◆ Work instruction
Would you return, word for word, the lines of the data below from the line with "Definition vmax (x" through the line with "forall a w, M a w = 0 \/ M a w = 1.", and no others?
══════════════════════════════
(* Let $\Gamma$ be a matching market and $\widehat\Gamma$ its induced continuum market. If $M$ is a stable integral matching in $\widehat\Gamma$, then the map $\mu$ defined by $\mu(w)=f$ and $w\in\mu(f)$ whenever $M_f(w)=1$ (for $w\in W$, $f\in\widetilde F$) is a stable matching in $\Gamma$.
   Context: Matching market $\Gamma$: finite firms $F$, finite workers $W=\{w_1,\dots,w_n\}$, null firm $\o$, $\widetilde F=F\cup\{\o\}$; each worker $w$ has a strict complete transitive preference $\succ_w$ over $\widetilde F$ ($f\succeq_w f'$ means $f\succ_w f'$ or $f=f'$); each firm $f\in F$ has a strict complete transitive preference $\succ_f$ over $2^W$; $Ch_f(S)$ is the $\succ_f$-best subset of $S$. A matching $\mu$ in $\Gamma$ assigns $\mu(w)\in\widetilde F$ and $\mu(f)\subseteq W$ with $\mu(w)=f\iff w\in\mu(f)$; it is stable if $\mu(w)\succeq_w\o$ for all $w$, $\mu(f)=Ch_f(\mu(f))$ for all $f\in F$, and there is no $f\in F$, $S\subseteq W$ with $f\succeq_w\mu(w)$ for all $w\in S$ and $S\succ_f\mu(f)$. Induced continuum market $\widehat\Gamma$: for each $f\in F$, list the sets $S\succ_f\emptyset$ as indicator vectors $\mathbf u^1\succ_f\cdots\succ_f\mathbf u^L$; for $\mathbf x\in[0,1]^W$ set $t_0=0$, $\mathbf z^0=\mathbf x$, $t_k=\min\{1-\sum_{j<k}t_j,\ z^{k-1}_i: u^k_i\ne0\}$, $\mathbf z^k=\mathbf z^{k-1}-t_k\mathbf u^k$ ($k=1,\dots,L$), and $\widehat{Ch}_f(\mathbf x)=\sum_k t_k\mathbf u^k$; also $\widehat{Ch}_{\o}(\mathbf x)=\mathbf x$. A matching in $\widehat\Gamma$ is $M=(M_f)_{f\in\widetilde F}$ with $M_f\in[0,1]^W$ and $\sum_{f\in\widetilde F}M_f(w)=1$ for all $w$; it is integral if all $M_f(w)\in\{0,1\}$. For $\mathbf x,\mathbf x'$, $\mathbf x\vee\mathbf x'$ is the componentwise maximum. Write $M'_f\succeq_f M_f$ if $M'_f=\widehat{Ch}_f(M'_f\vee M_f)$, and $M'_f\succ_f M_f$ if moreover $M'_f\ne M_f$. Let $A^{\preceq f}(M)(w)=\sum_{f'\in\widetilde F: f\succeq_w f'}M_{f'}(w)$. $M$ is stable if (i) $M_f=\widehat{Ch}_f(M_f)$ for every $f\in F$, and for all $w\in W$, $M_f(w)=0$ for every $f$ with $\o\succ_w f$; and (ii) there are no $f\in F$ and $M'_f\in[0,1]^W$ with $M'_f\succ_f M_f$ and $M'_f\le A^{\preceq f}(M)$. *)

From HB Require Import structures.
From mathcomp Require Import all_boot all_order all_algebra.
From mathcomp Require Import reals.
Set Implicit Arguments. Unset Strict Implicit. Unset Printing Implicit Defensive.
Import Order.TTheory GRing.Theory Num.Theory.
Local Open Scope ring_scope.

(* A strict complete transitive preference on a finite type, as a boolean
   relation: [r x y] means "x is strictly preferred to y". *)
Definition strict_pref (T : eqType) (r : rel T) : Prop :=
  irreflexive r /\ transitive r /\ (forall x y, x != y -> r x y || r y x).

Section Market.
Variables (F W : finType).
(* Firms are [Some f]; the null firm is [None], so the extended set of
   firms  F~ = F ∪ {null}  is [option F]. *)
Variable pw : W -> rel (option F).
Variable pf : F -> rel {set W}.

Definition wpref (w : W) (a b : option F) : bool := pw w a b || (a == b).

Definition ch (f : F) (S : {set W}) : {set W} :=
  odflt S [pick T : {set W} | (T \subset S) &&
            [forall T' : {set W}, ((T' \subset S) && (T' != T)) ==> pf f T T']].

Definition mu_of (mu : W -> option F) (f : F) : {set W} :=
  [set w | mu w == Some f].

Definition stable_discrete (mu : W -> option F) : Prop :=
  [/\ (forall w, wpref w (mu w) None),
      (forall f : F, mu_of mu f = ch f (mu_of mu f)) &
      ~ (exists (f : F) (S : {set W}),
            (forall w, w \in S -> wpref w (Some f) (mu w)) /\
            pf f S (mu_of mu f))].

Variable R : realType.

(* the sets S ≻_f ∅, listed as u^1 ≻_f u^2 ≻_f ... ≻_f u^L *)
Definition accept (f : F) : seq {set W} :=
  sort (fun S T : {set W} => (S == T) || pf f S T)
       [seq S <- enum [set: {set W}] | pf f S set0].

Definition ind (S : {set W}) : {ffun W -> R} := [ffun i => (i \in S)%:R].

(* one step of the greedy procedure: state (z^{k-1}, 1 - Σ_{j<k} t_j, Σ_{j<k} t_j u^j);
   t_k = min{ 1 - Σ_{j<k} t_j, z^{k-1}_i : u^k_i ≠ 0 } *)
Definition chc_step (st : {ffun W -> R} * R * {ffun W -> R}) (S : {set W})
  : {ffun W -> R} * R * {ffun W -> R} :=
  let: (z, cap, out) := st in
  let t := \big[Num.min/cap]_(i in S) z i in
  ([ffun i => z i - t * ind S i], cap - t, [ffun i => out i + t * ind S i]).

Definition chc (f : F) (x : {ffun W -> R}) : {ffun W -> R} :=
  (foldl chc_step (x, 1, [ffun=> 0]) (accept f)).2.

Definition vmax (x y : {ffun W -> R}) : {ffun W -> R} :=
  [ffun i => Num.max (x i) (y i)].

Definition cwpref (f : F) (M' M : {ffun W -> R}) : Prop := M' = chc f (vmax M' M).
Definition cspref (f : F) (M' M : {ffun W -> R}) : Prop := cwpref f M' M /\ M' <> M.

Definition cmatching (M : option F -> {ffun W -> R}) : Prop :=
  (forall a w, 0 <= M a w <= 1) /\
  (forall w, \sum_(a : option F) M a w = 1).

Definition integral (M : option F -> {ffun W -> R}) : Prop :=
  forall a w, M a w = 0 \/ M a w = 1.

Definition Abelow (M : option F -> {ffun W -> R}) (f : option F) : {ffun W -> R} :=
  [ffun w => \sum_(a : option F | wpref w f a) M a w].

Definition stable_cont (M : option F -> {ffun W -> R}) : Prop :=
  [/\ (forall f : F, M (Some f) = chc f (M (Some f))),
      (forall w (a : option F), pw w None a -> M a w = 0) &
      ~ (exists (f : F) (M' : {ffun W -> R}),
            (forall w, 0 <= M' w <= 1) /\
            cspref f M' (M (Some f)) /\
            (forall w, M' w <= Abelow M (Some f) w))].

End Market.

From HB Require Import structures.
From mathcomp Require Import all_boot all_order all_algebra.
From mathcomp Require Import reals.
Set Implicit Arguments. Unset Strict Implicit. Unset Printing Implicit Defensive.
Import Order.TTheory GRing.Theory Num.Theory.
Local Open Scope ring_scope.

(* On indicator vectors the greedy procedure defining the continuum choice
   function is the discrete one in disguise: starting from 1_X with capacity 1,
   every acceptable set u^k not contained in X gets weight 0, and the first one
   contained in X takes the whole capacity, after which nothing moves.  Since
   the u^k are sorted by preference, that set is the best subset of X, so
   ^Ch_f(1_X) = 1_{Ch_f(X)}.  An integral continuum matching is the family of
   indicators of a discrete matching mu; stability of M then transfers to mu,
   a discrete block (f, S) giving the continuum block 1_{Ch_f(S ∪ mu(f))}. *)

Lemma sorted_nth_find (T : eqType) (e : rel T) (x0 : T) (P : pred T) (s : seq T) :
  reflexive e -> transitive e -> sorted e s ->
  forall y, y \in s -> P y -> e (nth x0 s (find P s)) y.
Proof.
move=> e_refl e_tr; elim: s => //= x s IH xs y; rewrite inE.
have [Px|nPx] := ifPn; first case/orP=> [/eqP -> //|ys _].
  by have /allP := order_path_min e_tr xs; apply.
case/orP => [/eqP -> Py|ys Py]; first by rewrite Py in nPx.
exact: IH (path_sorted xs) _ ys Py.
Qed.

Section Greedy.
Variables (W : finType) (R : realType).
Implicit Types (S X : {set W}) (L : seq {set W}) (z out : {ffun W -> R}) (cap : R).

Lemma chc_step_min0 z cap out S :
  \big[Num.min/cap]_(i in S) z i = 0 -> chc_step (z, cap, out) S = (z, cap, out).
Proof.
rewrite /chc_step => ->; rewrite subr0.
by congr (_, _, _); apply/ffunP => i; rewrite ffunE mul0r ?subr0 ?addr0.
Qed.

Lemma foldl_chc_step_cap0 L z out : (forall i, 0 <= z i) ->
  foldl (@chc_step W R) (z, 0, out) L = (z, 0, out).
Proof.
move=> z_ge0; elim: L => // S L IH.
have min0 : \big[Num.min/0]_(i in S) z i = 0.
  by apply: le_anti; rewrite bigmin_le_id le_bigmin.
by rewrite -[LHS]/(foldl _ (chc_step (z, 0, out) S) L) chc_step_min0.
Qed.

Lemma ind_ge0 S i : 0 <= ind R S i.
Proof. by rewrite ffunE ler0n. Qed.

Lemma ind_le1 S i : ind R S i <= 1.
Proof. by rewrite ffunE lern1 leq_b1. Qed.

(* If no set of L lies in X, [find] returns [size L] and [nth] the default [set0]. *)
Lemma foldl_chc_step_ind L X :
  (foldl (@chc_step W R) (ind R X, 1, [ffun=> 0]) L).2
  = ind R (nth set0 L (find (fun S => S \subset X) L)).
Proof.
elim: L => [|S L IH]; first by apply/ffunP => i; rewrite !ffunE inE.
rewrite -[LHS]/((foldl _ (chc_step (ind R X, 1, [ffun=> 0]) S) L).2) [in RHS]/=.
have [SX|nSX] := boolP (S \subset X).
  have min1 : \big[Num.min/1]_(i in S) ind R X i = 1.
    by apply: bigmin_eq_id => i /(subsetP SX) iX; rewrite ffunE iX.
  rewrite /chc_step min1 subrr foldl_chc_step_cap0 => [|i] /=.
    by apply/ffunP => i; rewrite !ffunE mul1r add0r.
  rewrite !ffunE mul1r subr_ge0.
  by case: (boolP (i \in S)) => [/(subsetP SX) -> | _]; rewrite ?ler0n.
rewrite chc_step_min0; first exact: IH.
have [j jS jX] := subsetPn nSX.
apply: le_anti; rewrite le_bigmin ?ler01 ?andbT => [|//|i _]; last exact: ind_ge0.
by apply: (bigmin_inf j) => //; rewrite ffunE (negbTE jX).
Qed.

Lemma ind_inj : injective (@ind W R).
Proof.
move=> A B /ffunP eqAB; apply/setP => i; move: (eqAB i).
by rewrite !ffunE => /eqP; rewrite eqr_nat; case: (i \in A); case: (i \in B).
Qed.

Lemma vmax_ind (A B : {set W}) : vmax (ind R A) (ind R B) = ind R (A :|: B).
Proof.
apply/ffunP => i; rewrite !ffunE inE.
by case: (i \in A); case: (i \in B); rewrite /= ?maxxx ?(maxEle, ler01, ler10).
Qed.

End Greedy.

Section ChoiceFunction.
Variables (F W : finType) (pf : F -> rel {set W}) (f : F).
Hypothesis pf_strict : strict_pref (pf f).
Implicit Types (S T X Y : {set W}).

Definition best_subset X T :=
  T \subset X /\ forall T', T' \subset X -> T' != T -> pf f T T'.

Lemma best_subset_unique X T1 T2 :
  best_subset X T1 -> best_subset X T2 -> T1 = T2.
Proof.
case: pf_strict => irr [tr _] [T1X T1best] [T2X T2best].
apply/eqP; apply: contraT => neqT.
have neqT' : T2 != T1 by rewrite eq_sym.
by have := tr _ _ _ (T2best _ T1X neqT) (T1best _ T2X neqT'); rewrite irr.
Qed.

Lemma best_subset_ch X T : best_subset X T -> ch pf f X = T.
Proof.
move=> bestT; rewrite /ch.
case: pickP => [T' /andP [T'X /forallP T'best] | none] /=.
  apply: best_subset_unique bestT; split=> // T'' T''X neqT''.
  by have /implyP := T'best T''; rewrite T''X neqT''; apply.
case: bestT => TX Tbest; move: (none T); rewrite TX /=.
move/negbT/forallPn => [T']; rewrite negb_imply => /andP [/andP [T'X neqT']].
by rewrite Tbest.
Qed.

Lemma best_subset_greedy X :
  let P S := S \subset X in
  best_subset X (nth set0 (accept pf f) (find P (accept pf f))).
Proof.
move=> P; case: pf_strict => irr [tr tot].
pose e S T := (S == T) || pf f S T.
have e_refl : reflexive e by move=> S; rewrite /e eqxx.
have e_tr : transitive e.
  move=> T S U /orP [/eqP -> // | ST] /orP [/eqP <- | TU]; rewrite /e ?ST ?orbT //.
  by rewrite (tr _ _ _ ST TU) orbT.
have e_total : total e.
  move=> S T; rewrite /e; have [-> | neqST] := eqVneq S T; first by [].
  exact: tot.
have memL S : (S \in accept pf f) = pf f S set0.
  by rewrite mem_sort mem_filter mem_enum inE andbT.
have [hasP | hasNP] := boolP (has P (accept pf f)).
  set T := nth _ _ _; have TX : P T by apply: nth_find.
  have acceptT : pf f T set0 by rewrite -memL mem_nth // -has_find.
  split=> // T' T'X neqT'; have [-> // | T'0] := eqVneq T' set0.
  case/orP: (tot _ _ T'0) => [acceptT' | ]; last exact: tr.
  have sortedL : sorted e (accept pf f) := sort_sorted e_total _.
  have T'L : T' \in accept pf f by rewrite memL.
  have /orP [/eqP eqT | //] : (T == T') || pf f T T'
    := sorted_nth_find set0 (P := P) e_refl e_tr sortedL T'L T'X.
  by rewrite eqT eqxx in neqT'.
rewrite nth_default; last by rewrite leqNgt -has_find.
split=> [|T' T'X T'0]; first exact: sub0set.
case/orP: (tot _ _ T'0) => // acceptT'.
by move/hasPn/(_ T'): hasNP; rewrite memL acceptT' /P T'X => /(_ isT).
Qed.

Lemma best_subset_of_ch X : best_subset X (ch pf f X).
Proof. by rewrite (best_subset_ch (best_subset_greedy X)); apply: best_subset_greedy. Qed.

Lemma best_subset_sub X Y T :
  best_subset X T -> T \subset Y -> Y \subset X -> best_subset Y T.
Proof.
move=> [_ Tbest] TY YX; split=> // T' T'Y; apply: Tbest.
exact: subset_trans T'Y YX.
Qed.

Lemma chc_ind (R : realType) X : chc pf f (ind R X) = ind R (ch pf f X).
Proof.
rewrite /chc foldl_chc_step_ind; congr (ind R _); symmetry.
exact/best_subset_ch/best_subset_greedy.
Qed.

Lemma cspref_ch_setU (R : realType) S T :
  pf f S T -> cspref pf f (ind R (ch pf f (S :|: T))) (ind R T).
Proof.
move=> ST; have bestU := best_subset_of_ch (S :|: T).
set U := ch pf f (S :|: T) in bestU *.
split.
  rewrite /cwpref vmax_ind chc_ind; congr (ind R _); symmetry; apply: best_subset_ch.
  apply: (best_subset_sub bestU); first exact: subsetUl.
  by rewrite subUset bestU.1 subsetUr.
move/ind_inj => UT; case: pf_strict => irr [tr _].
have [SU | neqSU] := eqVneq S U; first by rewrite SU UT irr in ST.
by have := tr _ _ _ (bestU.2 _ (subsetUl _ _) neqSU) ST; rewrite UT irr.
Qed.

End ChoiceFunction.

Section IntegralMatching.
Variables (F W : finType) (R : realType) (M : option F -> {ffun W -> R}).
Hypotheses (M_matching : cmatching M) (M_integral : integral M).

Definition induced_matching (mu : W -> option F) :=
  forall w a, mu w = a <-> M a w = 1.

Lemma integral_induced_matching : exists mu, induced_matching mu.
Proof.
have card1 w : #|[set a | M a w == 1]| = 1%N.
  apply/eqP; rewrite -(pnatr_eq1 R) -[X in _ == X](M_matching.2 w).
  rewrite -sumr_const big_mkcond.
  apply/eqP/eq_bigr => a _; rewrite inE.
  by case: (M_integral a w) => ->; rewrite ?eqxx // eq_sym oner_eq0.
exists (fun w => odflt None [pick a in [set a | M a w == 1]]) => w a.
have /cards1P [b Pb] : #|[set a | M a w == 1]| == 1%N by rewrite card1.
have Mb c : (M c w == 1) = (c == b) by rewrite -in_set1 -Pb inE.
rewrite Pb; case: pickP => [c | /(_ b)]; rewrite ?in_set1 ?eqxx //= => /eqP ->.
by split=> [<- | /eqP]; [apply/eqP; rewrite Mb | rewrite Mb => /eqP].
Qed.

Variable mu : W -> option F.
Hypothesis mu_induced : induced_matching mu.

Lemma induced_matching_ind f : M (Some f) = ind R (mu_of mu f).
Proof.
apply/ffunP => w; rewrite !ffunE inE.
have [/mu_induced -> // | neq] := eqVneq (mu w) (Some f).
by case: (M_integral (Some f) w) => // /mu_induced eq; rewrite eq eqxx in neq.
Qed.

Lemma induced_matching_one w : M (mu w) w = 1.
Proof. exact/mu_induced. Qed.

Variable pw : W -> rel (option F).

Lemma induced_matching_rational :
  (forall w, strict_pref (pw w)) -> (forall w a, pw w None a -> M a w = 0) ->
  forall w, wpref pw w (mu w) None.
Proof.
move=> pw_strict M_null w; rewrite /wpref.
have [-> | neq] := eqVneq (mu w) None; first by rewrite orbT.
have [_ [_ tot]] := pw_strict w; case/orP: (tot _ _ neq) => [-> // | /M_null].
by rewrite induced_matching_one => /eqP; rewrite oner_eq0.
Qed.

Lemma ind_le_Abelow b (U : {set W}) :
  (forall w, w \in U -> wpref pw w b (mu w)) ->
  forall w, ind R U w <= Abelow pw M b w.
Proof.
have M_ge0 a w : 0 <= M a w by case/andP: (M_matching.1 a w).
move=> Ub w; rewrite !ffunE; have [wU | _] := boolP (w \in U); last exact: sumr_ge0.
rewrite -(induced_matching_one w) (bigD1 (mu w)) ?Ub //= lerDl.
exact: sumr_ge0.
Qed.

End IntegralMatching.

Theorem lemma2 (F W : finType) (pw : W -> rel (option F)) (pf : F -> rel {set W})
  (hpw : forall w, strict_pref (pw w)) (hpf : forall f, strict_pref (pf f))
  (R : realType) (M : option F -> {ffun W -> R}) :
  cmatching M -> integral M -> stable_cont pw pf M ->
  exists mu : W -> option F,
    (forall (w : W) (a : option F), mu w = a <-> M a w = 1) /\
    stable_discrete pw pf mu.
Proof.
move=> M_matching M_integral [M_fixed M_null M_unblocked].
have [mu mu_induced] := integral_induced_matching M_matching M_integral.
have M_ind := induced_matching_ind M_integral mu_induced.
exists mu; split=> //; split.
- exact: induced_matching_rational.
- by move=> f; apply: (@ind_inj W R); rewrite -chc_ind // -M_ind -M_fixed.
move=> [f [S [S_wpref S_pref]]]; apply: M_unblocked.
exists f, (ind R (ch pf f (S :|: mu_of mu f))); rewrite M_ind.
split; first by move=> w; rewrite ind_ge0 ind_le1.
split; first exact: cspref_ch_setU.
apply: (ind_le_Abelow M_matching mu_induced) => w.
move/(subsetP (best_subset_of_ch (hpf f) _).1).
rewrite !inE => /orP [/S_wpref // | /eqP ->].
by rewrite /wpref eqxx orbT.
Qed.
══════════════════════════════
◆ Answer to this problem
Definition vmax (x y : {ffun W -> R}) : {ffun W -> R} :=
  [ffun i => Num.max (x i) (y i)].

Definition cwpref (f : F) (M' M : {ffun W -> R}) : Prop := M' = chc f (vmax M' M).
Definition cspref (f : F) (M' M : {ffun W -> R}) : Prop := cwpref f M' M /\ M' <> M.

Definition cmatching (M : option F -> {ffun W -> R}) : Prop :=
  (forall a w, 0 <= M a w <= 1) /\
  (forall w, \sum_(a : option F) M a w = 1).

Definition integral (M : option F -> {ffun W -> R}) : Prop :=
  forall a w, M a w = 0 \/ M a w = 1.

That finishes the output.